# I wan to lease a car for Uber...



## salpal (Jan 8, 2015)

Not with the Santander bank!
I do not want to lease it that way...

I do not have wrecked credit, nor do i have anything disqualifying me from doing so either... But, im not paying 53k for a 38k car. I also, do not plan on driving uber for the next 60 months...

I know there are people who do leases with no terms you pay them 350-450 weekly.
Anybody know where i can find someone in the NY NJ area.

I personally just do not want to use my own car and have it depreciate so much. In such short time span.


----------



## Schulz (Nov 25, 2014)

Try Drive Time's "Cancel Anytime Lease" http://www.cancelanytimelease.com/ and please let us know what you find out, as I am interested in this lease. $895 down, cancel anytime. No credit check.

I agree with you--don't lease from Satander! Don't get locked in to working for Uber for 52 months!


----------



## chi1cabby (May 28, 2014)

salpal said:


> Anybody know where i can find someone in the NY NJ area.

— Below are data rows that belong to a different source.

(* A domain $R$ is a Prüfer $v$-multiplication domain (P$v$MD) if and only if every nonzero finitely generated ideal of $R$ is $w$-basic.
   Context: For a domain $R$ with quotient field $K$ and nonzero fractional ideal $I$: $I^{-1}=(R:I)=\{x\in K:xI\subseteq R\}$, $I_v=(I^{-1})^{-1}$, $I_t=\bigcup J_v$ over finitely generated subideals $J\subseteq I$; $I$ is a $t$-ideal if $I_t=I$; a maximal $t$-ideal is an ideal maximal among proper integral $t$-ideals. The $w$-operation is $I_w=\bigcup (I:J)$ over finitely generated ideals $J$ of $R$ with $J_v=R$ (equivalently $I_w=\bigcap_M IR_M$ over maximal $t$-ideals $M$). $R$ is a P$v$MD if every nonzero finitely generated ideal $I$ is $t$-invertible, i.e. $(II^{-1})_t=R$ (equivalently, $R_M$ is a valuation domain for each maximal $t$-ideal $M$). For a nonzero ideal $I$, an ideal $J\subseteq I$ is a $w$-reduction of $I$ if $(JI^n)_w=(I^{n+1})_w$ for some integer $n\ge0$; $I$ is $w$-basic if every $w$-reduction $J$ of $I$ satisfies $J_w=I_w$. *)

From HB Require Import structures.
From mathcomp Require Import all_boot all_order all_algebra.
From mathcomp Require Import fraction.
Set Implicit Arguments. Unset Strict Implicit. Unset Printing Implicit Defensive.
Import GRing.Theory.
Local Open Scope ring_scope.

Section Defs.
Variable R : idomainType.
Local Notation K := {fraction R}.
Local Notation emb := (@FracField.tofrac R).

Definition Kset := K -> Prop.

Definition Rset : Kset := fun x => exists r : R, x = emb r.

Definition subset (A B : Kset) := forall x, A x -> B x.
Definition seteq (A B : Kset) := forall x, A x <-> B x.
Definition nonzero (A : Kset) := exists x, A x /\ x != 0.

Definition colon (A B : Kset) : Kset := fun x => forall b, B b -> A (x * b).
Definition inv (A : Kset) : Kset := colon Rset A.
Definition vop (A : Kset) : Kset := inv (inv A).

Definition fg (A : Kset) :=
  exists s : seq K, forall x,
    A x <-> exists c : nat -> R, x = \sum_(i < size s) emb (c i) * s`_i.

Definition is_ideal (A : Kset) :=
  [/\ subset A Rset, A 0,
      forall x y, A x -> A y -> A (x + y)
    & forall r x, A x -> A (emb r * x)].

Definition prod (A B : Kset) : Kset := fun x =>
  exists s : seq (K * K), (forall p, p \in s -> A p.1 /\ B p.2) /\
    x = \sum_(p <- s) p.1 * p.2.

Fixpoint pw (A : Kset) (n : nat) : Kset :=
  match n with 0 => Rset | n'.+1 => prod (pw A n') A end.

Definition top (A : Kset) : Kset := fun x =>
  exists J, fg J /\ subset J A /\ vop J x.

Definition wop (A : Kset) : Kset := fun x =>
  exists J, is_ideal J /\ fg J /\ seteq (vop J) Rset /\ colon A J x.

Definition t_invertible (A : Kset) := seteq (top (prod A (inv A))) Rset.

Definition PvMD := forall I, is_ideal I -> fg I -> nonzero I -> t_invertible I.

Definition w_reduction (J I : Kset) :=
  is_ideal J /\ subset J I /\
  exists n : nat, seteq (wop (prod J (pw I n))) (wop (pw I n.+1)).

Definition w_basic (I : Kset) :=
  forall J, w_reduction J I -> seteq (wop J) (wop I).
End Defs.

(* A GV-ideal is a finitely generated ideal J of R with J^-1 = R. The w-closure
   of A consists of the x with x L ⊆ A for some GV-ideal L, and a nonzero
   finitely generated ideal I is t-invertible iff I I^-1 contains a GV-ideal.

   In a PvMD, a GV-ideal inside I I^-1 cancels one factor I under w, so a
   descent on n turns (J I^n)_w = (I^(n+1))_w into J_w = I_w.

   Conversely, let finitely generated ideals be w-basic. If y^2 ∈ b (b, y) then
   (b) is a w-reduction of (b, y), hence y ∈ (b)_w and y/b ∈ R. For nonzero
   a, b, the ideal (a^2, b^2) is a w-reduction of (a^2, ab, b^2), so some
   GV-ideal L satisfies ab l = r a^2 + s b^2, i.e. l = a (r/b) + b (s/a), for
   l ∈ L; since (ra)^2 ∈ b (b, ra) and (sb)^2 ∈ a (a, sb), both r/b and s/a lie
   in (a, b)^-1, so L ⊆ (a, b)(a, b)^-1. Multiplying GV-ideals obtained for the
   pairs (z, x), z ∈ s, with one inside (s)(s)^-1 gives one inside
   (x, s)(x, s)^-1: induction on the number of generators. *)

From Pilot Require Import Defs.
From mathcomp Require Import all_boot all_order all_algebra.
From mathcomp Require Import fraction ring.
Set Implicit Arguments. Unset Strict Implicit. Unset Printing Implicit Defensive.
Import GRing.Theory.
Local Open Scope ring_scope.

Lemma div_sum_of_mul (F : fieldType) (a b l x y : F) : a != 0 -> b != 0 ->
  a * b * l = x * (a * a) + y * (b * b) -> l = a * (x / b) + b * (y / a).
Proof.
move=> a0 b0 E; apply: (mulfI (mulf_neq0 a0 b0)); rewrite E.
by field; rewrite a0 b0.
Qed.

Section PvMD.
Variable R : idomainType.
Local Notation K := {fraction R}.
Local Notation emb := (@FracField.tofrac R).
Local Notation Rs := (@Rset R).
Local Notation sub := (@Defs.subset R).
Local Notation inv := (@Defs.inv R).

Definition submod (A : Kset R) :=
  [/\ A 0, forall x y, A x -> A y -> A (x + y) & forall r x, A x -> A (emb r * x)].

Lemma ideal_submod A : is_ideal A -> submod A.
Proof. by case. Qed.

Lemma submod_ext (A B : Kset R) : seteq A B -> submod A -> submod B.
Proof.
move=> E [A0 AD AM]; split; first by apply/E.
  by move=> x y /E Hx /E Hy; apply/E; apply: AD.
by move=> r x /E Hx; apply/E; apply: AM.
Qed.

Lemma submod_mulr (A : Kset R) c : submod A -> submod (fun y => A (y * c)).
Proof.
move=> [A0 AD AM]; split; first by rewrite mul0r.
  by move=> x y Hx Hy; rewrite mulrDl; apply: AD.
by move=> r x Hx; rewrite -mulrA; apply: AM.
Qed.

Lemma submod_mull (A : Kset R) c : submod A -> submod (fun y => A (c * y)).
Proof. by move=> /(submod_mulr c); apply: submod_ext => y; rewrite mulrC. Qed.

Lemma submod_sum (A : Kset R) (I : eqType) (s : seq I) (F : I -> K) :
  submod A -> (forall i, i \in s -> A (F i)) -> A (\sum_(i <- s) F i).
Proof.
move=> [A0 AD _]; elim: s => [|i s IH] H; first by rewrite big_nil.
rewrite big_cons; apply: AD; first by apply: H; rewrite mem_head.
by apply: IH => j Hj; apply: H; rewrite in_cons Hj orbT.
Qed.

http://ubernycmarketplace.com


----------



## Actionjax (Oct 6, 2014)

Why not finance a car if you are in good standing. Even a used one. You may be better off that route if the car is being used for rideshare. You can get a Used car for this service cheep and finance interest rates are low with the right score.

0% in some places here in Canada through the dealers. Bank rates I seen are in the 3% on used cars.


----------



## Schulz (Nov 25, 2014)

Found this--looks interesting. Swapalease matches people who want to get out of a lease with people who want to assume a short-term lease. http://www.swapalease.com/

Actionjax is right about lease vs buying a used car--driving for Uber you'll put on more miles than the lease will allow without penalty.

Here is an online education course covering leases.
http://www.swapalease.com/lease101/


----------



## salpal (Jan 8, 2015)

Thanks for the links..
in all honesty besides the milage and long term deals... there is one other reason why i'd rather lease..

To avoid that insurance letter coming in the mail.

I found a few guys who were renting/leasing their cars for guys who wanted to do Uber and it had COMMERCIAL insurance included.


----------



## LAuberX (Jun 3, 2014)

No "normal" lease works for Uberx, we drive too many miles. Save your money, get some part time job that does not require you to wear out a car for minimum wage. Uber lies, this gig is not profitable or sustainable.


----------